**Task instructions**
Write out an exact copy of the line with "- by apply: inN_AP => [a b c d|[]]; rewrite ?in_R3_negb." and of each line after it, through the end of the records below.

Stored data entries:
======

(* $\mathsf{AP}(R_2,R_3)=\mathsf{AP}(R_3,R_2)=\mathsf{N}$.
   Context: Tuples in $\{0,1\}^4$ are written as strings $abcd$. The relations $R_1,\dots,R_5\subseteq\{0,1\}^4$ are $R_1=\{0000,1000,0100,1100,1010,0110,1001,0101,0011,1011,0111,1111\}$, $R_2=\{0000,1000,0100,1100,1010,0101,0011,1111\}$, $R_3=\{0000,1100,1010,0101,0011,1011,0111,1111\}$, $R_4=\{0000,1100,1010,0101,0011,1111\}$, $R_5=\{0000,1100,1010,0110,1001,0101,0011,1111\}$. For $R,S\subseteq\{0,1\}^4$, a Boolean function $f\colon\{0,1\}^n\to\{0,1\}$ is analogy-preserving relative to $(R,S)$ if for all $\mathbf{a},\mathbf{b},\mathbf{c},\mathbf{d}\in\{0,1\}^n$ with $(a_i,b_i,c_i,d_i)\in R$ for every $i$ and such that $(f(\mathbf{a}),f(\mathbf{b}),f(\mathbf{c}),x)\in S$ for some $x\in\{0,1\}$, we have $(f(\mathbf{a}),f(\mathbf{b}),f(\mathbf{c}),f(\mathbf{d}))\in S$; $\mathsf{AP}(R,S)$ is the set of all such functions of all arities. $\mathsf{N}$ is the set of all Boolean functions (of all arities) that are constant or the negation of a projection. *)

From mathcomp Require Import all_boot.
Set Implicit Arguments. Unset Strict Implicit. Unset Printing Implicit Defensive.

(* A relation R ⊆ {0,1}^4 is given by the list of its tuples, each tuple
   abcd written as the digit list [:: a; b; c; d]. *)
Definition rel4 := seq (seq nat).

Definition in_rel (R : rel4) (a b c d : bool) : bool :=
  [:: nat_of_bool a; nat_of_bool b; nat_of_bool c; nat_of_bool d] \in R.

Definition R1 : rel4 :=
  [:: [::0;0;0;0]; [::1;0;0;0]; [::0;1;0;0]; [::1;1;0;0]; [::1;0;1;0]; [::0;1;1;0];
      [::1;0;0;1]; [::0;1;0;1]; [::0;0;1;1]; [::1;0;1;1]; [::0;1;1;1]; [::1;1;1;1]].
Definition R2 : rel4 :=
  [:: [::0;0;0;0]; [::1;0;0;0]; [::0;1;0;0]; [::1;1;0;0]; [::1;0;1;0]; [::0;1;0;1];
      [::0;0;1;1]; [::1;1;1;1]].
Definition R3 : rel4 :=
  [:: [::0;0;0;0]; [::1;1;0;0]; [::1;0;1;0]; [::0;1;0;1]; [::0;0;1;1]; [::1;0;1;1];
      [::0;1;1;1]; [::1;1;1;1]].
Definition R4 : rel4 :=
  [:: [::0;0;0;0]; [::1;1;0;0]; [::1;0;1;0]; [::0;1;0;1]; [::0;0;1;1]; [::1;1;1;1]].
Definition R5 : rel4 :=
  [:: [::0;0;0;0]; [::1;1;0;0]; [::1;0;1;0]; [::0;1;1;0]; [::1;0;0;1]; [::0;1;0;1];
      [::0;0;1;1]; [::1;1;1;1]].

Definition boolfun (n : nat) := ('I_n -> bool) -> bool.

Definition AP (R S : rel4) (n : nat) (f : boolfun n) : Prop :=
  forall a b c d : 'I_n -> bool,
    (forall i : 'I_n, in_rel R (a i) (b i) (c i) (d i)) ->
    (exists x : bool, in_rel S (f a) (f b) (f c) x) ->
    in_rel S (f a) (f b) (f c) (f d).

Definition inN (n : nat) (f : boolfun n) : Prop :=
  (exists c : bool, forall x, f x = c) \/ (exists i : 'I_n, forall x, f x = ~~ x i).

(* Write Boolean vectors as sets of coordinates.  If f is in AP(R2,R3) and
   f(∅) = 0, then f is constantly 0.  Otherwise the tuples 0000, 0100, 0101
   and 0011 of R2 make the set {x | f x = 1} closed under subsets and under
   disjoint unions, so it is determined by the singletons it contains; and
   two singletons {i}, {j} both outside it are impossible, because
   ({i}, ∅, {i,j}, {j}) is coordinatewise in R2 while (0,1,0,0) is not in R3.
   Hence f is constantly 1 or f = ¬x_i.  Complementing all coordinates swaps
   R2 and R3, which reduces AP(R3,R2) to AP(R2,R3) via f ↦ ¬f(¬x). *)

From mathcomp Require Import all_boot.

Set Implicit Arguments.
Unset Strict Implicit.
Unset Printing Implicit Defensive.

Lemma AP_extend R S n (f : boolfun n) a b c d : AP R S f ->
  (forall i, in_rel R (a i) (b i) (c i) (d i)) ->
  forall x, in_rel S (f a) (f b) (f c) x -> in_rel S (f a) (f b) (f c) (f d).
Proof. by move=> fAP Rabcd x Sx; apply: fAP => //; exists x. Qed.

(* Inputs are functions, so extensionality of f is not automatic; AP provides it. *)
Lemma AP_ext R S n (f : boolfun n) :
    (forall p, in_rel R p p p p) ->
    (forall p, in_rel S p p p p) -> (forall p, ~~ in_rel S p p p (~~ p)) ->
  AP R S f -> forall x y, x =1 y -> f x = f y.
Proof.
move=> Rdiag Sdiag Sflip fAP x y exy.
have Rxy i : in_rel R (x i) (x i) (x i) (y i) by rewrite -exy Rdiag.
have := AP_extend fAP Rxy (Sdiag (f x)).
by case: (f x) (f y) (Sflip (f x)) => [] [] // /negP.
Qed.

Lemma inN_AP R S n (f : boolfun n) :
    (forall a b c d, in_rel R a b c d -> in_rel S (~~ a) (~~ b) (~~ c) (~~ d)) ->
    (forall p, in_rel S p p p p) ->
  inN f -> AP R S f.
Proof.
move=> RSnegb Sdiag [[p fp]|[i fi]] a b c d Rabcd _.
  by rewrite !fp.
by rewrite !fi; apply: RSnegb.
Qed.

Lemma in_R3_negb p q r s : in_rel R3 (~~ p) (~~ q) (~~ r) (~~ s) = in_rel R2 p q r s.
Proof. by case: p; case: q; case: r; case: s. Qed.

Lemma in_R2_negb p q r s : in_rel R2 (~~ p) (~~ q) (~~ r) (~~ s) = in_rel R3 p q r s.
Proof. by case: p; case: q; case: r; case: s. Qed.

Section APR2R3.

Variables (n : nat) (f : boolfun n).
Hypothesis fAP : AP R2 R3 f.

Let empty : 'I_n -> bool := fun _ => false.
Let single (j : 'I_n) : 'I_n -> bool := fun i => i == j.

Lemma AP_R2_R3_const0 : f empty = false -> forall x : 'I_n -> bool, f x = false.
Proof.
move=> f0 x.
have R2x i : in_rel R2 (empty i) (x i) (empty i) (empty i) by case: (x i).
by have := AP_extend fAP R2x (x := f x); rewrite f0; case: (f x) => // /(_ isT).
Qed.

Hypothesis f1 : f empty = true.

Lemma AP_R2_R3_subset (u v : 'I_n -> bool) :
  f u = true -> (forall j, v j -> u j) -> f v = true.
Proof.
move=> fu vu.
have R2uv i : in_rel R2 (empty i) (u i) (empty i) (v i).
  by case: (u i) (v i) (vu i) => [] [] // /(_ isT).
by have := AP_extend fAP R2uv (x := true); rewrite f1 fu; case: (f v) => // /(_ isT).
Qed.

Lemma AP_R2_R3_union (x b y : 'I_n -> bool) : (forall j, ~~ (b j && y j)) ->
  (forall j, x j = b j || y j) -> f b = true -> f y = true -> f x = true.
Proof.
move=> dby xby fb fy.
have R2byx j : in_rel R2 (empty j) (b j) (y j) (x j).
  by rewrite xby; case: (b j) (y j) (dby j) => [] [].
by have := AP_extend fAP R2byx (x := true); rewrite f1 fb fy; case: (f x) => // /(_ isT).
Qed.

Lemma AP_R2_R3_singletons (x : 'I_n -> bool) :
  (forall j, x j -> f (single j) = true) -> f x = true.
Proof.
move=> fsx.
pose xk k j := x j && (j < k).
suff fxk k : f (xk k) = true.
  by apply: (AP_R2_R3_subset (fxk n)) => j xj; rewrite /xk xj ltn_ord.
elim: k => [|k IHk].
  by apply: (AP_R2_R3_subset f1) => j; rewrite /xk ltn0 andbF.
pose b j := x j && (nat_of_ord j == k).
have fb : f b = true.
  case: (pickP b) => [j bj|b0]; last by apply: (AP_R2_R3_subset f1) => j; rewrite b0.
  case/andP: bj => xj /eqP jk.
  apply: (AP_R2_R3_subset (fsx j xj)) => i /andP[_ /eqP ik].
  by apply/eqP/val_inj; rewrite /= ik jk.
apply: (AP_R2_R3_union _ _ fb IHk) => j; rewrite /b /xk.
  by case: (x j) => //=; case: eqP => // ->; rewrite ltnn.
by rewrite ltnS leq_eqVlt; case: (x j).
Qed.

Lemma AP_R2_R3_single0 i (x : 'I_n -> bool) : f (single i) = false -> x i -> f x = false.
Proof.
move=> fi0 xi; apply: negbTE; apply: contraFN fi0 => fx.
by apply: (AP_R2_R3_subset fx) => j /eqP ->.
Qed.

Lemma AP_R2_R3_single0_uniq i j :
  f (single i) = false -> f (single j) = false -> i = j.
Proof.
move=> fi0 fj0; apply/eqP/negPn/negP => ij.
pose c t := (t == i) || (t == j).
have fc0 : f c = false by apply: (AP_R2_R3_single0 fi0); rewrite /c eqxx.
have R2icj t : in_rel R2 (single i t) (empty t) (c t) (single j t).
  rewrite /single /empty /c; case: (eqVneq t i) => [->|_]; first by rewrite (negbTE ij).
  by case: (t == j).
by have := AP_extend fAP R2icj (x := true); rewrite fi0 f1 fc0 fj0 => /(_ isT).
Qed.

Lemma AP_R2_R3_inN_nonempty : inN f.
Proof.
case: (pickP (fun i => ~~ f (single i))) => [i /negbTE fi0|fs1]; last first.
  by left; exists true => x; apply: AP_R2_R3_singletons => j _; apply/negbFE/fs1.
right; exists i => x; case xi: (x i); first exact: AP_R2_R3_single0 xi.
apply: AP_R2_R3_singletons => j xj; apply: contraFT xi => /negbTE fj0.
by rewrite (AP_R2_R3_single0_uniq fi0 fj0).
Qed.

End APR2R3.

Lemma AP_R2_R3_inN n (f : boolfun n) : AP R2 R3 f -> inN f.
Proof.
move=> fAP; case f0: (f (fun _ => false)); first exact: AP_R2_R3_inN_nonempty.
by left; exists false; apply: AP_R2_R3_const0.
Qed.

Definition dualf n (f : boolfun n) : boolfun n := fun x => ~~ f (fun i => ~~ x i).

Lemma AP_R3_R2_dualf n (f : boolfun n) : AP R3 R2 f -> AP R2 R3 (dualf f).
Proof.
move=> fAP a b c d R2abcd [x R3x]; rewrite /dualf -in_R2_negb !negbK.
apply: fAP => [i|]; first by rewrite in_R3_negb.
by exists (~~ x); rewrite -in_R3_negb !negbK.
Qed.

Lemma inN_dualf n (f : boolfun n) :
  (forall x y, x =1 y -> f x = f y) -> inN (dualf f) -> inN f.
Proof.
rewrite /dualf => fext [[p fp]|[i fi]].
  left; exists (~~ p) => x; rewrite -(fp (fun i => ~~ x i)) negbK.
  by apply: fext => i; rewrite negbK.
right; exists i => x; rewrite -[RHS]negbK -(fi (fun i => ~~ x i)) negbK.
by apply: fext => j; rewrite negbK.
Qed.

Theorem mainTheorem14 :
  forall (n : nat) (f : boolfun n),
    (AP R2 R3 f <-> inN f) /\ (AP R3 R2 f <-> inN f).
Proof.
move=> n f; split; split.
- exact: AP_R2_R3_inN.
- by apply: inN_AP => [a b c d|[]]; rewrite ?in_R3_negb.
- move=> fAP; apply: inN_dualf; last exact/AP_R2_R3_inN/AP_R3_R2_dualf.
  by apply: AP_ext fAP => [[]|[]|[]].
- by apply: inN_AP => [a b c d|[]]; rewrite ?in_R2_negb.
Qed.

======

**The completed task**
- by apply: inN_AP => [a b c d|[]]; rewrite ?in_R3_negb.
- move=> fAP; apply: inN_dualf; last exact/AP_R2_R3_inN/AP_R3_R2_dualf.
  by apply: AP_ext fAP => [[]|[]|[]].
- by apply: inN_AP => [a b c d|[]]; rewrite ?in_R2_negb.
Qed.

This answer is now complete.